Comment 7 Mark Thomas 2020-03-04 15:11:15 UTC
Thanks for the test case. Being able to recreate the issue in an environment I can debug was a huge help. Fixed in: - master for 10.0.0-M2 onwards - 9.0.x for 9.0.32 onwards 8.5.x and earlier are not affected. I made the following changes: a) fixed the case of returning data to the read buffer when it was non-empty b) stopped TLS reads once they started to overflow into the readBuffer c) corrected the value returned (bytes read) by the gathering TLS read Fixing either a) or b) was sufficient for the test case to pass because the additional TLS reads from b) were what was causing the read buffer to be non-empty. It may be the case that either a) or b) is sufficient to fix all potential issues but I opted to fix both.

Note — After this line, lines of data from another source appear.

Lemma coefX0 (f : R) k : (f ^+ k) mon0 = f mon0 ^+ k.
Proof. by elim: k => [|k IH]; rewrite ?expr0 ?coef1 ?eqxx // !exprS coefM0 IH. Qed.

Definition msize (a : mon) : nat := (\sum_i a i)%N.

Lemma mle_msize (a b : mon) : mle b a -> (msize b <= msize a)%N.
Proof. by move=> /mleP h; apply: leq_sum => i _; apply: h. Qed.

Lemma msize_msub (a b : mon) : mle b a -> msize (msub a b) = (msize a - msize b)%N.
Proof.
move=> hba; apply/eqP; rewrite -(eqn_add2r (msize b)) subnK ?mle_msize //.
move/mleP: hba => h; rewrite /msize -big_split /=; apply/eqP; apply: eq_bigr => i _.
by rewrite ffunE subnK.
Qed.

Lemma msize_gt0 (b : mon) : b != mon0 -> (0 < msize b)%N.
Proof.
apply: contraR; rewrite -eqn0Ngt /msize sum_nat_eq0 => /forallP h.
by apply/eqP/ffunP => i; rewrite ffunE; apply/eqP; apply: h.
Qed.

Lemma coefX_eq0 (h : R) : h mon0 = 0 ->
  forall k (a : mon), (msize a < k)%N -> (h ^+ k) a = 0.
Proof.
move=> h0; elim=> [//|k IH] a ha.
rewrite exprS coefM big_seq big1 // => b; rewrite mem_lower_mons => hb.
have [->|nb] := eqVneq b mon0; first by rewrite h0 mul0r.
rewrite IH ?mulr0 // msize_msub //; have := msize_gt0 nb; have := mle_msize hb; lia.
Qed.

(* A unit [u] is inverted by a geometric series in [h = 1 - u / u(0)]; since
   [h(0) = 0], the coefficient of [a] in the inverse only involves the powers
   [h ^+ k] with [k <= msize a]. *)
Lemma ps_unitP (u : R) : u mon0 != 0 -> exists w, u * w = 1.
Proof.
move=> hu; set c0 := u mon0.
pose h : R := 1 - const c0^-1 * u.
have h0 : h mon0 = 0 by rewrite /h coefB coefCM coef1 eqxx mulVf // subrr.
pose G (N : nat) : R := const c0^-1 * \sum_(k < N.+1) h ^+ k.
have G_stable c N : (msize c <= N)%N -> G N c = G (msize c) c.
  elim: N => [|N IH] hN; first by have -> : msize c = 0%N by lia.
  have [hl|hge] := ltnP (msize c) N.+1; last by have -> : msize c = N.+1 by lia.
  rewrite -IH // /G big_ord_recr /= mulrDr coefD [(const _ * h ^+ _) _]coefCM.
  by rewrite coefX_eq0 // mulr0 addr0.
exists (fun a => G (msize a) a); apply/funext => a.
have -> : (u * (fun a => G (msize a) a)) a = (u * G (msize a)) a.
  rewrite !coefM big_seq [RHS]big_seq; apply: eq_bigr => b.
  rewrite mem_lower_mons => hb; rewrite G_stable // msize_msub //; lia.
have -> : u * G (msize a) = 1 - h ^+ (msize a).+1.
  rewrite /G mulrCA mulrA.
  have -> : const c0^-1 * u = - (h - 1) by rewrite /h addrAC subrr add0r opprK.
  by rewrite mulNr -subrX1 opprB.
by rewrite coefB coefX_eq0 // subr0.
Qed.

Lemma ps_poly_factor (h : R) D (u : 'I_D.+1 -> K) k0 : h mon0 = 0 -> u k0 != 0 ->
  exists e (w : R), \sum_k const (u k) * h ^+ k = h ^+ e * w /\ w mon0 != 0.
Proof.
move=> h0 uk0.
have [e ue emin] := @arg_minnP _ k0 (fun k => u k != 0) val uk0.
exists e, (\sum_(k : 'I_D.+1 | (e <= k)%N) const (u k) * h ^+ (k - e)); split.
  rewrite mulr_sumr (bigID (fun k : 'I_D.+1 => (e <= k)%N)) /= [X in _ + X]big1 ?addr0.
    by apply: eq_bigr => k hk; rewrite mulrCA -exprD subnKC.
  move=> k; rewrite -ltnNge => hk.
  have /eqP -> : u k == 0 by apply: contraTT hk => /emin; rewrite -leqNgt.
  by rewrite ps_const0 mul0r.
rewrite coef_sum (bigD1 e) //= coefCM coefX0 h0 subnn expr0 mulr1 big1 ?addr0 //.
move=> k /andP [hek nke]; rewrite coefCM coefX0 h0 expr0n subn_eq0.
suff -> : (k <= e)%N = false by rewrite mulr0.
by apply: negbTE; rewrite -ltnNge ltn_neqAle hek andbT eq_sym.
Qed.

End PowerSeriesCoef.

Section PowerSeriesVars.
Variables (K : fieldType) (s : nat).
Local Notation R := (ps K s).
Local Notation mon := (mon s).
Local Notation mon0 := (mon0 s).
Local Notation var := (@ps_var K s).

Definition mvarX (j : 'I_s) (E : nat) : mon := [ffun i => if i == j then E else 0%N].

Definition ps_mono (x : mon) : R := fun b => if b == x then 1 else 0.

Lemma ps_varE j : var j = ps_mono (mvarX j 1).
Proof. by []. Qed.

Lemma coef_varM j (g : R) a :
  (var j * g) a = if (0 < a j)%N then g (msub a (mvarX j 1)) else 0.
Proof.
rewrite ps_varE coefM /ps_mono; case: ifP => ha.
  rewrite (bigD1_seq (mvarX j 1)) ?uniq_lower_mons //=; last first.
    by rewrite mem_lower_mons; apply/mleP => i; rewrite ffunE; case: eqP => [->|].
  by rewrite eqxx mul1r big1 ?addr0 // => b /negbTE ->; rewrite mul0r.
rewrite big_seq big1 // => b; rewrite mem_lower_mons => /mleP hb.
case: eqP => [e|]; last by rewrite mul0r.
by have := hb j; rewrite e ffunE eqxx ha.
Qed.

Lemma coef_varXM j E (g : R) a :
  (var j ^+ E * g) a = if (E <= a j)%N then g (msub a (mvarX j E)) else 0.
Proof.
elim: E a => [|E IH] a.
  by rewrite expr0 mul1r leq0n; congr g; apply/ffunP => i; rewrite !ffunE; case: eqP; mon_lia.
rewrite exprS -mulrA coef_varM IH.
have [h0|h0] := ltnP 0 (a j); last by have -> : (E < a j)%N = false by mon_lia.
rewrite [msub _ _ j]ffunE [mvarX j 1 j]ffunE eqxx.
have [h1|h1] := leqP E (a j - 1)%N; last by have -> : (E < a j)%N = false by mon_lia.
have -> : (E < a j)%N by mon_lia.
congr g; apply/ffunP => i; rewrite !ffunE; case: (eqVneq i j) => [->|_] /=; mon_lia.
Qed.

Lemma coef_var0 j : var j mon0 = 0.
Proof. by rewrite /ps_var; case: eqP => // /ffunP /(_ j); rewrite !ffunE eqxx. Qed.

(* Each monomial outside the box [a i < E] is divisible by some [x_j ^ E];
   assign it to the first such [j]. *)
Lemma ps_varX_decomp (E : nat) (f : R) :
  (forall a : mon, (forall i, (a i < E)%N) -> f a = 0) ->
  exists g : 'I_s -> R, f = \sum_j var j ^+ E * g j.
Proof.
move=> hf.
pose g (j : 'I_s) : R := fun b =>
  let a := [ffun i => (b i + mvarX j E i)%N] in
  if [pick i | (E <= a i)%N] == Some j then f a else 0.
exists g; apply/funext => a; rewrite coef_sum.
under eq_bigr => j _ do rewrite coef_varXM.
have ea j : (E <= a j)%N -> [ffun i => (msub a (mvarX j E) i + mvarX j E i)%N] = a.
  by move=> hj; apply/ffunP => i; rewrite !ffunE; case: eqP => [->|]; mon_lia.
case Epk: [pick i | (E <= a i)%N] => [j0|].
  have hj0 : (E <= a j0)%N by move: Epk; case: pickP => // x hx [<-].
  rewrite (bigD1 j0) //= hj0 /g /= ea // Epk eqxx big1 ?addr0 // => j hj.
  case: ifP => // hEj; rewrite ea // Epk; case: eqP => // [[e]].
  by move: hj; rewrite e eqxx.
have hn i : ~~ (E <= a i)%N by move: Epk; case: pickP => // hn _; rewrite hn.
rewrite hf ?big1 // => [j _|i]; first by rewrite (negbTE (hn j)).
by have := hn i; rewrite -ltnNge.
Qed.

Definition box_mons (E : nat) : seq mon :=
  map (fun b : {ffun 'I_s -> 'I_E} => [ffun i => nat_of_ord (b i)] : mon)
    (enum {ffun 'I_s -> 'I_E}).

Lemma uniq_box_mons E : uniq (box_mons E).
Proof.
rewrite map_inj_in_uniq ?enum_uniq // => x y _ _ /ffunP e.
by apply/ffunP => i; apply/val_inj; have := e i; rewrite !ffunE.
Qed.

Lemma mem_box_mons E (a : mon) : (forall i, (a i < E)%N) -> a \in box_mons E.
Proof.
move=> h; apply/mapP; exists [ffun i => Ordinal (h i)]; first by rewrite mem_enum.
by apply/ffunP => i; rewrite !ffunE.
Qed.

(* With [x_j ^ E] in [J] for all [j], the monomials in the box [a i < E] span [R / J]. *)
Lemma findim_quot_ring_varX (J : R -> Prop) :
  is_ideal J -> (forall j, exists e, J (var j ^+ e)) -> findim_quot_ring J.
Proof.
move=> hJ hJvar; have [ej hej] := choice hJvar; set E := (\max_j ej j)%N.
have hE j : J (var j ^+ E).
  rewrite -(subnK (leq_bigmax j : (ej j <= E)%N)) exprD.
  by case: hJ => _ _ hM; apply/hM/hej.
set B := box_mons E.
exists (map ps_mono B) => f; exists (fun i => f (nth mon0 B i)).
have -> : \big[@ps_add K s/@ps0 K s]_(i < size (map ps_mono B))
    ps_scale (f (nth mon0 B i)) (nth (@ps0 K s) (map ps_mono B) i) =
    \sum_(x <- B) ps_const (f x) * ps_mono x.
  rewrite size_map (big_nth mon0) big_mkord; apply: eq_bigr => i _.
  by rewrite ps_scaleE (nth_map mon0).
set P := \sum_(x <- B) _.
change (J (f - P)).
have [g ->] : exists g : 'I_s -> R, f - P = \sum_j var j ^+ E * g j.
  apply: ps_varX_decomp => a ha; rewrite coefB /P coef_sum.
  rewrite (bigD1_seq a) ?uniq_box_mons ?mem_box_mons //= big1 => [|x hx].
    by rewrite coefCM /ps_mono eqxx mulr1 addr0 subrr.
  by rewrite coefCM /ps_mono eq_sym (negbTE hx) mulr0.
by apply: ideal_big_sum => // j _; apply: ideal_mulr.
Qed.

End PowerSeriesVars.

Section GeneratedIdeals.
Variables (K : fieldType) (s : nat).
Local Notation R := (ps K s).

Lemma ps_expE (f : R) n : ps_exp f n = f ^+ n.
Proof. by elim: n => [|n IH] //=; rewrite exprS -IH. Qed.

Lemma ps_detE t (M : 'M[R]_t) : ps_det M = \det M.
Proof.
apply: eq_bigr => sg _; congr (_ * _).
by case: (odd_perm sg); rewrite ?expr1 ?expr0 ?ps_constN1.
Qed.

Lemma ideal_genP (gens : seq R) f :
  ideal_gen gens f <-> exists c : 'I_(size gens) -> R, f = \sum_i c i * gens`_i.
Proof. by []. Qed.

Lemma ideal_gen_ideal (gens : seq R) : is_ideal (ideal_gen gens).
Proof.
split.
- by apply/ideal_genP; exists (fun _ => 0); rewrite big1 // => i _; rewrite mul0r.
- move=> x y /ideal_genP [c ->] /ideal_genP [d ->]; apply/ideal_genP.
  exists (fun i => c i + d i).
  by rewrite -big_split; apply: eq_bigr => i _; rewrite mulrDl.
- move=> r x /ideal_genP [c ->]; apply/ideal_genP; exists (fun i => r * c i).
  by rewrite mulr_sumr; apply: eq_bigr => i _; rewrite mulrA.
Qed.

Lemma ideal_gen_mem (gens : seq R) x : x \in gens -> ideal_gen gens x.
Proof.
move=> hx; have hi : (index x gens < size gens)%N by rewrite index_mem.
apply/ideal_genP; exists (fun i => (i == Ordinal hi)%:R).
rewrite (bigD1 (Ordinal hi)) //= eqxx big1 ?mul1r ?addr0 ?nth_index //.
by move=> i /negbTE ->; rewrite mul0r.
Qed.

Lemma ideal_gen_min (gens : seq R) (I : R -> Prop) :
  is_ideal I -> (forall x, x \in gens -> I x) -> forall f, ideal_gen gens f -> I f.
Proof.
move=> hI hg f /ideal_genP [c ->]; apply: ideal_big_sum => // i _.
by case: hI => _ _ hM; apply/hM/hg/mem_nth.
Qed.

Lemma ideal_sum_ideal (I J : R -> Prop) :
  is_ideal I -> is_ideal J -> is_ideal (ideal_sum I J).
Proof.
move=> [i0 iD iM] [j0 jD jM]; split.
- by exists 0, 0; do 2!split => //; exact: (esym (addr0 (0 : R))).
- move=> _ _ [g [h [hg [hh ->]]]] [g' [h' [hg' [hh' ->]]]].
  exists (g + g'), (h + h').
  by split; last split; [exact: iD | exact: jD | exact: addrACA].
- move=> r _ [g [h [hg [hh ->]]]]; exists (r * g), (r * h).
  by split; last split; [exact: iM | exact: jM | exact: mulrDr].
Qed.

Lemma I_t_minor m n (X : 'M[R]_(m, n)) (f : 'I_m -> 'I_m) (g : 'I_m -> 'I_n) :
  I_t m X (\det (mxsub f g X)).
Proof.
apply: ideal_gen_mem; apply/allpairsP; exists ([ffun i => f i], [ffun j => g j]).
rewrite !mem_enum ps_detE; split => //=; congr (\det _).
by apply/matrixP => i j; rewrite !mxE !ffunE.
Qed.

Lemma I_t_coker_ann m n (X : 'M[R]_(m, n)) f : I_t m X f -> coker_ann X f.
Proof.
apply: ideal_gen_min; first exact: coker_ann_ideal.
move=> _ /allpairsP [[f' g] [_ _ ->]]; rewrite ps_detE.
exact: (coker_ann_minor X f' g).
Qed.

Lemma coker_ann_I_t m n (X : 'M[R]_(m, n)) r : coker_ann X r -> I_t m X (r ^+ m).
Proof. by apply: coker_ann_exp; [exact: ideal_gen_ideal | move=> g; apply: I_t_minor]. Qed.

Lemma radical_eq_exp (I J : R -> Prop) k :
  (forall f, I f -> J f) -> (forall f, J f -> I (f ^+ k)) ->
  forall f, radical I f <-> radical J f.
Proof.
move=> hIJ hJI f; split=> [[e he] | [e he]]; first by exists e; apply: hIJ.
by exists (e * k)%N; rewrite ps_expE exprM; apply: hJI; rewrite -ps_expE.
Qed.

Lemma eq_radical (I J : R -> Prop) :
  (forall f, I f <-> J f) -> forall f, radical I f <-> radical J f.
Proof. by move=> hIJ f; split=> -[k hk]; exists k; apply/hIJ. Qed.

Lemma vec_addE m (v w : 'I_m -> R) q : vec_add v w q = v q + w q.
Proof. by []. Qed.

Lemma col_combE m n (X : 'M[R]_(m, n)) c q : col_comb X c q = \sum_k c k * X q k.
Proof. by []. Qed.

Comment 8 Remy Maucherat 2020-03-04 16:22:14 UTC
Perfect, I did not get anywhere with my test case [I really don't like working with SB on Tomcat dev, so ...], I still don't understand why it failed to reproduce the issue so feel free to improve it as needed. Heaving a heavy HTTP/2 POST test with TLS cannot hurt apparently, that's the kind of issue that will keep coming back otherwise.
Comment 9 Mark Thomas 2020-03-04 16:52:25 UTC
The test fails for me if I remove the fixes I made for this issue so I think all is well. I just made a minor tweak to prevent the test hanging on failure.
Comment 10 Lukasz Z 2020-03-05 07:34:58 UTC
Thanks for quick fix. This error has caused many strange problems for my application since we use http2.